[HN Gopher] Grafana OnCall: an easy-to-use on-call management tool
___________________________________________________________________
Grafana OnCall: an easy-to-use on-call management tool
Author : sciurus
Score : 161 points
Date : 2021-11-09 17:16 UTC (5 hours ago)
(HTM) web link (grafana.com)
(TXT) w3m dump (grafana.com)
| marcoboffi wrote:
| but is it possible to send sms/phone call directly from grafana
| oncall ? If yes, is there a pricing ?
| markbnj wrote:
| I'm a grafana fan and a current user of PagerDuty. Maybe there's
| more to the story but after reading the post I feel like using a
| calendar integration to manage on-call schedules is the wrong
| approach. Calendar events are a result of overlaying a rotation
| on a date range: they're the output, not the input. I'm sure the
| designers here have looked at how PD enables creating and editing
| rotations. Curious to know their views on it.
| motakuk wrote:
| Hey everyone, Matvey, ex-CEO of Amixr is here. Me and Ildar
| Iskhakov started this project three years ago because we used to
| be on-call ourselves and needed better tools. It was an amazing
| journey from 0 to 1. Tons of coding, first customers,
| fundraising, iterating, and finally the honor to join Grafana
| Labs and build Grafana OnCall! I'll be happy to answer your
| questions if you have any.
| joaoqalves wrote:
| It's great to see more competition in this space. Generally
| speaking, what I miss in these "incident management" products
| is also an integrated, flawless way to handle incidents _when_
| they 're happening. I'm talking about:
|
| 1. Quickly creating a proper chat 2. Quickly creating an
| incident document where you can pin chat messages and use it in
| the post-mortem. Ideally, pinning some graphs that you'd
| extract from your observability solutions 3. Having a status
| page to put a small description for non-technical stakeholders.
|
| PagerDuty covers some of this. Monzo's Response [1] and now
| incident.io [2] try to cover it too. I'd like to have this
| experience end-to-end.
|
| 1 - https://github.com/monzo/response 2 - https://incident.io/
| igetspam wrote:
| I use incident.io. Pretty happy with it. Very responsive
| team.
| hrpnk wrote:
| Monzo's solution does not seem to be actively maintained, is
| it?
|
| +100 on the creation of incident chat rooms and pinning data
| to re-use in incident docs. There is nothing worse than
| copying the timeline events from one tool to a Google Doc.
| joaoqalves wrote:
| AFAIK, the creators created incident.io as a spin-off [1]

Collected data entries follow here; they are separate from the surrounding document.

Lemma vnorm_coord (v : 'cV[R]_m) i : `|v i 0| <= vnorm v.
Proof.
rewrite -sqrtr_sqr ler_sqrt ?sumsq_ge0 // (bigD1 i) //= lerDl.
by apply: sumr_ge0 => j _; rewrite sqr_ge0.
Qed.

(* Cauchy-Schwarz, from Lagrange's identity
   sum_(i,j) (u_i v_j - u_j v_i)^2 = 2 (|u|^2 |v|^2 - <u,v>^2). *)
Lemma cauchy_schwarz (u v : 'cV[R]_m) :
  (\sum_i u i 0 * v i 0) ^+ 2 <= (\sum_i u i 0 ^+ 2) * (\sum_i v i 0 ^+ 2).
Proof.
have lagrange : \sum_i \sum_j (u i 0 * v j 0 - u j 0 * v i 0) ^+ 2 =
    2%:R * ((\sum_i u i 0 ^+ 2) * (\sum_i v i 0 ^+ 2) - (\sum_i u i 0 * v i 0) ^+ 2).
  have expand i j : (u i 0 * v j 0 - u j 0 * v i 0) ^+ 2 =
      (u i 0 ^+ 2 * v j 0 ^+ 2 + v i 0 ^+ 2 * u j 0 ^+ 2)
      - 2%:R * ((u i 0 * v i 0) * (u j 0 * v j 0)) by ring.
  under eq_bigr => i _ do under eq_bigr => j _ do rewrite expand.
  under eq_bigr => i _ do rewrite sumrB big_split /= -!mulr_sumr.
  rewrite sumrB big_split /= -!mulr_sumr -!mulr_suml expr2; ring.
have : 0 <= \sum_i \sum_j (u i 0 * v j 0 - u j 0 * v i 0) ^+ 2.
  by apply: sumr_ge0 => i _; apply: sumr_ge0 => j _; rewrite sqr_ge0.
by rewrite lagrange pmulr_rge0 // subr_ge0.
Qed.

Lemma vnormD (u v : 'cV[R]_m) : vnorm (u + v) <= vnorm u + vnorm v.
Proof.
set A := \sum_i u i 0 ^+ 2; set B := \sum_i v i 0 ^+ 2.
set C := \sum_i u i 0 * v i 0.
have A0 : 0 <= A by apply: sumsq_ge0.
have B0 : 0 <= B by apply: sumsq_ge0.
have C_le : C <= Num.sqrt A * Num.sqrt B.
  apply: le_trans (ler_norm C) _.
  by rewrite -sqrtr_sqr -sqrtrM // ler_sqrt ?mulr_ge0 //; apply: cauchy_schwarz.
have sumsqD : \sum_i (u + v) i 0 ^+ 2 = A + 2%:R * C + B.
  rewrite /A /B /C mulr_sumr -!big_split /=.
  by apply: eq_bigr => i _; rewrite mxE; ring.
have rhs0 : 0 <= Num.sqrt A + Num.sqrt B by rewrite addr_ge0 ?sqrtr_ge0.
rewrite /vnorm sumsqD -/A -/B -(ger0_norm rhs0) -sqrtr_sqr.
rewrite ler_sqrt ?sqr_ge0 // sqrrD !sqr_sqrtr //.
have : 2%:R * C <= 2%:R * (Num.sqrt A * Num.sqrt B) by rewrite ler_pM2l.
lra.
Qed.

Lemma vnorm_sum (I : Type) (r : seq I) (F : I -> 'cV[R]_m) :
  vnorm (\sum_(k <- r) F k) <= \sum_(k <- r) vnorm (F k).
Proof.
elim: r => [|k r IH]; first by rewrite !big_nil vnorm0.
by rewrite !big_cons; apply: (le_trans (vnormD _ _)); apply: lerD.
Qed.

End EuclideanNorm.

Section SpectralNorm.
Context {R : realType} {m k : nat}.
Implicit Types A B : 'M[R]_(m, k).

Definition gains A : set R :=
  [set vnorm (A *m v) | v in [set v : 'cV[R]_k | vnorm v <= 1]].

Lemma gains_neq0 A : gains A !=set0.
Proof. by exists (vnorm (A *m 0)), 0 => //=; rewrite vnorm0. Qed.

(* The gains are bounded by the sum of the norms of the columns of A. *)
Lemma gains_has_sup A : has_sup (gains A).
Proof.
split; first exact: gains_neq0.
exists (\sum_(j < k) vnorm (A *m delta_mx j 0)) => _ [v /= v_le1 <-].
have -> : A *m v = \sum_(j < k) v j 0 *: (A *m delta_mx j 0).
  rewrite {1}(matrix_sum_delta v) mulmx_sumr.
  by apply: eq_bigr => j _; rewrite big_ord1 -scalemxAr.
apply: (le_trans (vnorm_sum _ _ _)); apply: ler_sum => j _.
rewrite vnormZ ler_piMl ?vnorm_ge0 //.
exact: le_trans (vnorm_coord v j) v_le1.
Qed.

Lemma spec_norm_ub A v : vnorm v <= 1 -> vnorm (A *m v) <= spec_norm A.
Proof. by move=> v_le1; apply: (sup_upper_bound (gains_has_sup A)); exists v. Qed.

Lemma spec_norm_le A c :
  (forall v, vnorm v <= 1 -> vnorm (A *m v) <= c) -> spec_norm A <= c.
Proof.
move=> gain_le; apply: ge_sup; first exact: gains_neq0.
by move=> _ [v /= v_le1 <-]; apply: gain_le.
Qed.

Lemma spec_norm_ge0 A : 0 <= spec_norm A.
Proof.
have := @spec_norm_ub A 0.
by rewrite mulmx0 !vnorm0 ler01; apply.
Qed.

Lemma spec_normZ_le (s : R) A : spec_norm (s *: A) <= `|s| * spec_norm A.
Proof.
apply: spec_norm_le => v v_le1.
by rewrite -scalemxAl vnormZ ler_wpM2l //; apply: spec_norm_ub.
Qed.

Lemma spec_normZ (s : R) A : spec_norm (s *: A) = `|s| * spec_norm A.
Proof.
apply/eqP; rewrite eq_le spec_normZ_le /=.
have [->|s_neq0] := eqVneq s 0.
  by rewrite normr0 mul0r spec_norm_ge0.
have := spec_normZ_le s^-1 (s *: A); rewrite scalerA mulVf // scale1r => le_A.
rewrite -(ler_pM2l (_ : 0 < `|s|^-1)) ?invr_gt0 ?normr_gt0 //.
by rewrite mulrA mulVf ?normr_eq0 // mul1r -normfV.
Qed.

Lemma spec_normD A B : spec_norm (A + B) <= spec_norm A + spec_norm B.
Proof.
apply: spec_norm_le => v v_le1; rewrite mulmxDl.
by apply: (le_trans (vnormD _ _)); apply: lerD; apply: spec_norm_ub.
Qed.

Lemma spec_norm_lincomb (I : Type) (r : seq I) (c : I -> R) (F : I -> 'M[R]_(m, k)) :
  spec_norm (\sum_(i <- r) c i *: F i) <= \sum_(i <- r) `|c i| * spec_norm (F i).
Proof.
elim: r => [|i r IH]; rewrite ?big_nil ?big_cons.
  by apply: spec_norm_le => v _; rewrite mul0mx vnorm0.
by apply: (le_trans (spec_normD _ _)); rewrite spec_normZ lerD2l.
Qed.

End SpectralNorm.

Lemma ord_max_val {m} {l : 'I_m.+1} : (m <= l)%N -> m = l.
Proof. by move=> ge_lm; apply/eqP; rewrite eqn_leq ge_lm -ltnS ltn_ord. Qed.

(* This product is multilinear in the masks, so it depends on them only
   through the products prod_l d_l(i_l) over multi-indices (i_0, ..., i_{m-1}). *)
Section MaskedChain.
Context {R : comNzRingType} {n : nat -> nat} (W : forall l, 'M[R]_(n l.+1, n l)).

Fixpoint masked_chain (d : forall l, 'rV[R]_(n l.+1)) (l : nat) : 'M[R]_(n l, n 0) :=
  match l with
  | 0 => 1%:M
  | l'.+1 => diag_mx (d l') *m W l' *m masked_chain d l'
  end.

Lemma masked_chainS (d : forall l, 'rV[R]_(n l.+1)) m p (M : 'M[R]_(p, n m.+1)) :
  M *m masked_chain d m.+1 =
  \sum_a d m 0 a *: (M *m delta_mx a a *m W m *m masked_chain d m).
Proof.
rewrite /= diag_mx_sum_delta !mulmx_suml !mulmx_sumr; apply: eq_bigr => a _.
by rewrite -!scalemxAl -!scalemxAr !mulmxA.
Qed.

Definition ext_index {m} (i : mindex n m) (a : 'I_(n m.+1)) : mindex n m.+1 :=
  fun l => match ltnP l m with
  | LtnNotGeq lt_lm => i (Ordinal lt_lm)
  | GeqNotLtn ge_lm => cast_ord (congr1 (fun k => n k.+1) (ord_max_val ge_lm)) a
  end.

Lemma prod_ext_index (d : forall l, 'rV[R]_(n l.+1)) m (i : mindex n m) a :
  \prod_(l < m.+1) d l 0 (ext_index i a l) = (\prod_(l < m) d l 0 (i l)) * d m 0 a.
Proof.
rewrite big_ord_recr /=; congr (_ * _).
  apply: eq_bigr => l _; rewrite /ext_index; case: ltnP => [lt_lm | ge_lm].
    by case: l lt_lm => l lt_l lt_l' /=; rewrite (bool_irrelevance lt_l' lt_l).
  by exfalso; move: ge_lm; rewrite leqNgt /= ltn_ord.
rewrite /ext_index; case: ltnP => [lt_mm | ge_mm].
  by exfalso; move: lt_mm; rewrite /= ltnn.
by congr (d m 0 _); apply: val_inj.
Qed.
Lemma psubst_const m k (w : 'I_k -> K) p :
  psubst (fun i => (w i)%:MP : {mpoly K[m]}) p = (p.@[w])%:MP.
Proof.
elim/mpoly_ring_ind: p => [c|i|p q hp hq|p q hp hq].
- by rewrite psubstC mevalC.
- by rewrite psubstX mevalXU.
- by rewrite psubstD !mevalD hp hq mpolyCD.
- by rewrite psubstM !mevalM hp hq mpolyCM.
Qed.

Section Ideal.
Variables (m : nat) (s : seq {mpoly K[m]}).

Lemma in_ideal0 : in_ideal s 0.
Proof. by exists (fun _ => 0); rewrite big1 // => i _; rewrite mul0r. Qed.

Lemma in_idealD p q : in_ideal s p -> in_ideal s q -> in_ideal s (p + q).
Proof.
case=> c -> [d ->]; exists (fun i => c i + d i).
by rewrite -big_split; apply: eq_bigr => i _; rewrite mulrDl.
Qed.

Lemma in_idealMl r p : in_ideal s p -> in_ideal s (r * p).
Proof.
case=> c ->; exists (fun i => r * c i).
by rewrite mulr_sumr; apply: eq_bigr => i _; rewrite mulrA.
Qed.

Lemma in_idealMr r p : in_ideal s p -> in_ideal s (p * r).
Proof. by rewrite mulrC; apply: in_idealMl. Qed.

Lemma in_idealN p : in_ideal s p -> in_ideal s (- p).
Proof. by move=> sp; rewrite -mulN1r; apply: in_idealMl. Qed.

Lemma in_ideal_subr p q : p = q -> in_ideal s (p - q).
Proof. by move=> ->; rewrite subrr; apply: in_ideal0. Qed.

Lemma in_ideal_sum (I : finType) (F : I -> {mpoly K[m]}) :
  (forall i, in_ideal s (F i)) -> in_ideal s (\sum_i F i).
Proof. by move=> sF; apply: big_ind => //; [apply: in_ideal0 | apply: in_idealD]. Qed.

Lemma mem_in_ideal q : q \in s -> in_ideal s q.
Proof.
move=> qs; have qi : (index q s < size s)%N by rewrite index_mem.
exists (fun i => (val i == index q s)%:R).
rewrite (bigD1 (Ordinal qi)) //= eqxx mul1r nth_index // big1 ?addr0 // => i.
by rewrite -val_eqE /= => /negbTE ->; rewrite mul0r.
Qed.

Lemma in_ideal_eval v p : in_ideal s p -> is_point s v -> p.@[v] = 0.
Proof.
case=> c -> sv; rewrite raddf_sum /= big1 // => i _.
by rewrite mevalM (sv s`_i) ?mulr0 // mem_nth.
Qed.

Lemma in_ideal_eval_eq v p q :
  in_ideal s (p - q) -> is_point s v -> p.@[v] = q.@[v].
Proof. by move=> spq sv; apply/eqP; rewrite -subr_eq0 -mevalB (in_ideal_eval spq sv). Qed.

End Ideal.

Lemma in_ideal_subset m (s u : seq {mpoly K[m]}) p :
  {subset s <= u} -> in_ideal s p -> in_ideal u p.
Proof.
move=> su [c ->]; apply: in_ideal_sum => i; apply: in_idealMl.
by apply: mem_in_ideal; apply/su/mem_nth.
Qed.

Lemma in_ideal_nil m (p : {mpoly K[m]}) : in_ideal [::] p -> p = 0.
Proof. by case=> c ->; rewrite big_ord0. Qed.

Lemma in_ideal_psubst m k (s : seq {mpoly K[m]}) (t : seq {mpoly K[k]}) f p :
  is_morph s t f -> in_ideal t p -> in_ideal s (psubst f p).
Proof.
move=> mf [c ->]; rewrite /psubst raddf_sum /=; apply: in_ideal_sum => i.
by rewrite rmorphM /=; apply: in_idealMl; apply/mf/mem_nth.
Qed.

Lemma equiv_mod_psubst m k (s : seq {mpoly K[m]}) (f g : 'I_k -> {mpoly K[m]}) p :
  equiv_mod s f g -> in_ideal s (psubst f p - psubst g p).
Proof.
move=> efg; elim/mpoly_ring_ind: p => [c|i|p q hp hq|p q hp hq].
- by rewrite !psubstC; apply: in_ideal_subr.
- by rewrite !psubstX; apply: efg.
- by rewrite !psubstD opprD addrACA; apply: in_idealD.
- rewrite !psubstM; set fp := psubst f p; set gq := psubst g q.
  have -> : fp * psubst f q - psubst g p * gq
    = fp * (psubst f q - gq) + (fp - psubst g p) * gq by ring.
  by apply: in_idealD; [apply: in_idealMl | apply: in_idealMr].
Qed.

| :) Smart move, I must say.
|
| 1 - https://www.indexventures.com/perspectives/incidentio-
| raises...
| SeriousM wrote:
| Hi! Thanks for sharing this news. Will this be available for
| on-premise installations, and when?
| motakuk wrote:
| For now, we are focusing on rolling Grafana OnCall in the
| Grafana Cloud. It's a very common use case to have such a
| system outside of your infrastructure so it won't be affected
| by probable issues. It should be alive even when everything
| goes wrong.
|
| We've already received multiple questions about OSS and on-
| premises. Will roll cloud version first, see how it works,
| collect feedback and build (and share) future plans!
| bilalq wrote:
| This looks really neat. We don't use Grafana today. We're
| running CloudWatch/insights and Squadcast for alerting, but
| deep integration with the monitoring tool looks cool. Is this
| usable with self-hosted or AWS managed Grafana?
| motakuk wrote:
| Yep! The idea of Grafana OnCall is to help you to group,
| deduplicate, route & deliver to Slack/SMS/Phone alerts from
| any sources. It could be a CloudWatch, DataDog, self-hosted
| Alertmanager, or Grafana of course. The only requirement for
| the alert source is to be able to generate a webhook and send
| it to us.
| bilalq wrote:
| Can Grafana OnCall itself be self-hosted and/or run as a
| part of Grafana itself? Your last response makes it sound
| like it's a separate product with integrations rather than
| an extension of Grafana. Is that correct?
| motakuk wrote:
| It's 100% part of the Grafana Cloud, not a separate
| product. It's deeply integrated with the rest of Grafana.
|
| Same time we've focused on making it useful for those who
| don't use Grafana for monitoring. Feel free to sign up in
| the Grafana Cloud and use just OnCall if you want.
| halfmatthalfcat wrote:
| Is there really anybody else in the "Pager" category of SaaS
| products other than PagerDuty that have any traction?
| aiisjustanif wrote:
| xMatters
| bboreham wrote:
| Opsgenie?
| therealdrag0 wrote:
| We use OpsGenie. not sure how widely it's used but given its
| Atlasian I'd guess a non-trivial amount.
| bgm1975 wrote:
| There's Splunk OnCall (formerly known as VictorOps). It's a
| very decent solution.
| bilalq wrote:
| We started using Squadcast: https://squadcast.com
|
| Their free and lower prices tiers offer a lot of what others
| have on their top/most expensive tiers. Also, integrations with
| various alert sources are just easier in most cases. I spent I
| don't know how long trying to get OpsGenie to work before I
| gave up.
| fredman wrote:
| There is xMatters: https://www.xmatters.com/
|
| Disclaimer: I work at xMatters.
| Forfold wrote:
| I work on/for an open source solution that we based off of
| PagerDuty, called GoAlert: https://github.com/target/goalert
| awestman wrote:
| Yep. This is a great product. Has the features you need, is
| super reliable and easy to manage.
| craigching wrote:
| Target uses go alert across the enterprise for all on call.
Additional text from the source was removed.